This could still go wrong.
Neo stayed where he was, shoulders tight, while the young man approached at a quick pace. Up close, he looked painfully average. Black hair, brown eyes, and the kind of face Neo would have forgotten five minutes later under normal circumstances.
Average or not, Neo did not mistake him for harmless.
The man's attention moved over Neo again, slower this time, taking in the blood, the torn clothes, the limp.
Something in his face loosened.
"Sit down there," he said, pointing toward a patch of ground near the edge of the clearing. His voice was firm, but not harsh. "I'm calling a medic."
Neo's attention sharpened.
A medic. That told him more than he wanted.
This was not some lazy check around a dead man's tavern. If they had brought a healer this quickly, then whatever had happened here had already been marked as serious. Bigger than he had hoped.
Neo lowered himself down with care, hiding the worst of the pain behind a flat expression. He kept quiet and watched instead.

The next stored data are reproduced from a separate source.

(* Let $n\ge2$ and let $\tau=(\tau^1,\dots,\tau^n)$ be an $\mathbf R^n$-valued random variable taking exactly $n+1$ distinct values, each with positive probability, such that $\mathbf E[\tau^i]=0$ for $i=1,\dots,n$ and $\mathbf E[\tau^i\tau^j]=\delta_{ij}$ for $i,j=1,\dots,n$. Then there exists $(i,j,k)\in\{1,\dots,n\}^3$ with $\mathbf E[\tau^i\tau^j\tau^k]\ne0$. *)

(* A random vector tau in R^n taking finitely many values is
   described by its (discrete) law: the list of its distinct values
   v k (k : 'I_m) with their probabilities p k. *)
From mathcomp Require Import all_boot all_order all_algebra.
From mathcomp Require Import reals.
Set Implicit Arguments. Unset Strict Implicit. Unset Printing Implicit Defensive.
Import Order.TTheory GRing.Theory Num.Theory.
Local Open Scope ring_scope.

Definition discrete_law (R : realType) (n m : nat)
  (v : 'I_m -> 'rV[R]_n) (p : 'I_m -> R) : Prop :=
  injective v /\ (forall k, 0 < p k) /\ \sum_(k < m) p k = 1.

Definition dexpect (R : realType) (n m : nat)
  (v : 'I_m -> 'rV[R]_n) (p : 'I_m -> R) (f : 'rV[R]_n -> R) : R :=
  \sum_(k < m) p k * f (v k).

(** If all third moments vanished, the isotropy conditions would make the
   (n+1) x (n+1) matrix with rows (1, v_k), weighted by the probabilities,
   orthogonal; its column orthogonality says that p_l (1 + <v_k, v_l>) is
   1 for k = l and 0 otherwise.  Hence <v_k, v_l> = -1 for k <> l, and the
   vanishing third moment E[<tau, v_l>^3] = 0 becomes
   p_l <v_l, v_l>^3 = 1 - p_l.  Together with p_l (1 + <v_l, v_l>) = 1 this
   forces p_l >= 1/2 for every one of the n + 1 >= 3 atoms, which is
   incompatible with total mass 1. *)
From mathcomp Require Import all_boot all_order all_algebra.
From mathcomp Require Import reals.
From mathcomp Require Import ring lra.
Import Order.TTheory GRing.Theory Num.Theory.
Local Open Scope ring_scope.

Definition dotr {R : pzSemiRingType} {n : nat} (x y : 'rV[R]_n) : R :=
  \sum_(i < n) x ord0 i * y ord0 i.

Lemma sumr_exp3 (R : comPzRingType) n (F : 'I_n -> R) :
  (\sum_i F i) ^+ 3 = \sum_i \sum_j \sum_k F i * F j * F k.
Proof.
rewrite exprS expr2 big_distrl /=; apply: eq_bigr => i _.
rewrite big_distrl big_distrr /=; apply: eq_bigr => j _.
by rewrite mulrA big_distrr.
Qed.

Lemma weight_ge_half (R : realFieldType) (p t : R) :
  0 < p -> p * (1 + t) = 1 -> p * t ^+ 3 = 1 - p -> 1 / 2 <= p.
Proof.
move=> p_gt0 mass cube.
have /eqP : p * (t * (t - 1) * (t + 1)) = 0.
  have -> : p * (t * (t - 1) * (t + 1)) =
            (p * t ^+ 3 - (1 - p)) - (p * (1 + t) - 1) by ring.
  by rewrite mass cube !subrr.
rewrite mulf_eq0 (gt_eqF p_gt0) /= !mulf_eq0 subr_eq0 addr_eq0.
case/orP => [/orP [/eqP t0 | /eqP t1] | /eqP tN1]; move: mass.
- by rewrite t0 addr0 mulr1 => ->; lra.
- by rewrite t1; lra.
- by rewrite tN1 subrr mulr0; lra.
Qed.

Section IsotropicLaw.

Variables (R : realType) (n : nat).
Variables (v : 'I_n.+1 -> 'rV[R]_n) (p : 'I_n.+1 -> R).

Hypothesis mass1 : \sum_k p k = 1.
Hypothesis mean0 : forall i : 'I_n, dexpect v p (fun x => x ord0 i) = 0.
Hypothesis covariance1 : forall i j : 'I_n,
  dexpect v p (fun x => x ord0 i * x ord0 j) = (i == j)%:R.

(* Row k is (1, v_k): column ord0 holds the constant 1. *)
Definition aug_mx : 'M[R]_n.+1 :=
  \matrix_(k, a) (if unlift ord0 a is Some i then v k ord0 i else 1).

Lemma aug_mx0 k : aug_mx k ord0 = 1.
Proof. by rewrite mxE unlift_none. Qed.

Lemma aug_mx_lift k i : aug_mx k (lift ord0 i) = v k ord0 i.
Proof. by rewrite mxE liftK. Qed.

Definition weighted_aug_tmx : 'M[R]_n.+1 := \matrix_(a, k) (p k * aug_mx k a).

Lemma weighted_aug_tmxE a k : weighted_aug_tmx a k = p k * aug_mx k a.
Proof. exact: mxE. Qed.

Lemma weighted_aug_tmxK : weighted_aug_tmx *m aug_mx = 1%:M.
Proof.
apply/matrixP => a b; rewrite !mxE.
under eq_bigr do rewrite weighted_aug_tmxE.
case: (unliftP ord0 a) => [i ->|->]; case: (unliftP ord0 b) => [j ->|->].
- rewrite (inj_eq lift_inj) -covariance1; apply: eq_bigr => k _.
  by rewrite !aug_mx_lift mulrA.
- rewrite eq_sym (negbTE (neq_lift _ _)) /= -[RHS](mean0 i).
  apply: eq_bigr => k _.
  by rewrite aug_mx_lift aug_mx0 mulr1.
- rewrite (negbTE (neq_lift _ _)) /= -[RHS](mean0 j).
  apply: eq_bigr => k _.
  by rewrite aug_mx_lift aug_mx0 mulr1.
- by rewrite eqxx -[RHS]mass1; apply: eq_bigr => k _; rewrite aug_mx0 !mulr1.
Qed.

Lemma dual_orthogonality k l : p l * (1 + dotr (v k) (v l)) = (k == l)%:R.
Proof.
move/matrixP: (mulmx1C weighted_aug_tmxK) => /(_ k l); rewrite !mxE => <-.
rewrite big_ord_recl weighted_aug_tmxE !aug_mx0 mul1r mulrDr mulr1.
congr (_ + _); rewrite mulr_sumr; apply: eq_bigr => i _.
by rewrite weighted_aug_tmxE !aug_mx_lift mulrCA.
Qed.

Lemma dexpect_dotr_cube (u : 'rV[R]_n) :
  dexpect v p (fun x => dotr x u ^+ 3) =
  \sum_i \sum_j \sum_k u ord0 i * u ord0 j * u ord0 k *
    dexpect v p (fun x => x ord0 i * x ord0 j * x ord0 k).
Proof.
under [RHS]eq_bigr do under eq_bigr do under eq_bigr do rewrite mulr_sumr.
under [RHS]eq_bigr do under eq_bigr do rewrite exchange_big.
under [RHS]eq_bigr do rewrite exchange_big.
rewrite [RHS]exchange_big /=; apply: eq_bigr => q _.
rewrite sumr_exp3 mulr_sumr.
do 3![apply: eq_bigr => ? _; rewrite ?mulr_sumr]; ring.
Qed.

Lemma atom_weight_ge_half l :
  (forall k, 0 < p k) ->
  (forall i j k : 'I_n,
     dexpect v p (fun x => x ord0 i * x ord0 j * x ord0 k) = 0) ->
  1 / 2 <= p l.
Proof.
move=> p_gt0 skew0.
have dot_offdiag q : q != l -> dotr (v q) (v l) = -1.
  move=> ql; apply/eqP; rewrite -addr_eq0 addrC.
  have /eqP := dual_orthogonality q l.
  by rewrite (negbTE ql) mulf_eq0 (gt_eqF (p_gt0 l)).
have cube0 : dexpect v p (fun x => dotr x (v l) ^+ 3) = 0.
  rewrite dexpect_dotr_cube big1 // => i _; rewrite big1 // => j _.
  by rewrite big1 // => k _; rewrite skew0 mulr0.
apply: (@weight_ge_half _ _ (dotr (v l) (v l)) (p_gt0 l)).
  by rewrite dual_orthogonality eqxx.
move: cube0; rewrite /dexpect (bigD1 l) //= => /eqP; rewrite addr_eq0 => /eqP ->.
rewrite -[in RHS]mass1 [in RHS](bigD1 l) //= addrC addrK -sumrN.
by apply: eq_bigr => q ql; rewrite dot_offdiag // -signr_odd mulrN1 opprK.
Qed.

End IsotropicLaw.

Theorem lemma6p1 (R : realType) (n : nat) (hn : (2 <= n)%N)
  (v : 'I_n.+1 -> 'rV[R]_n) (p : 'I_n.+1 -> R) :
  discrete_law v p ->
  (forall i : 'I_n, dexpect v p (fun x => x ord0 i) = 0) ->
  (forall i j : 'I_n,
     dexpect v p (fun x => x ord0 i * x ord0 j) = (i == j)%:R) ->
  exists i j k : 'I_n,
    dexpect v p (fun x => x ord0 i * x ord0 j * x ord0 k) != 0.
Proof.
move=> [_ [p_gt0 mass1]] mean0 covariance1.
have [/existsP[i /existsP[j /existsP[k nz]]] | no_skew] := boolP
  [exists i, exists j, exists k,
     dexpect v p (fun x => x ord0 i * x ord0 j * x ord0 k) != 0].
  by exists i, j, k.
have skew0 i j k : dexpect v p (fun x => x ord0 i * x ord0 j * x ord0 k) = 0.
  apply/eqP; apply: contraNT no_skew => nz.
  by apply/existsP; exists i; apply/existsP; exists j; apply/existsP; exists k.
have : \sum_(k < n.+1) (1 / 2 : R) <= \sum_k p k.
  by apply: ler_sum => l _; apply: atom_weight_ge_half.
rewrite mass1 sumr_const card_ord -mulr_natr.
have : (3 : R) <= n.+1%:R by rewrite ler_nat.
lra.
Qed.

The uniforms, the way the others moved, the glances toward the building, the fact that no one looked relaxed.
The young man crouched a little once Neo was seated, enough to look less threatening without quite becoming friendly.
"My name is Richards," he said, resting one forearm on his knee. "Can you tell me yours?"
Neo just looked at him.
It was not about acting tough. He simply did not trust government agents. Corruption was everywhere. Men who spoke politely could still sell you out if the wrong name or the right amount of money appeared in front of them.
Richards studied him for a second, then let out a quiet breath through his nose.
"Alright," he said. "You don't have to answer that yet."
Neo looked past him toward the old man's place, then back again.
His voice came out rougher than he wanted.
"Is the old man alive?"
That caught Richards off guard.
The man blinked once, and something in his face tightened. Before, he had been looking at Neo like a suspicious witness. Now he was looking at him like a boy who had stood too close to something ugly when it happened.
"I'm sorry," Richards said after a beat, his voice lower now. "We got here too late."
Neo did not answer.
He only looked down at the dirt, his jaw tightening hard enough to sharpen the line in his cheek.
The old man was dead.
Richards watched him. When he spoke again, his voice was less official and more casual.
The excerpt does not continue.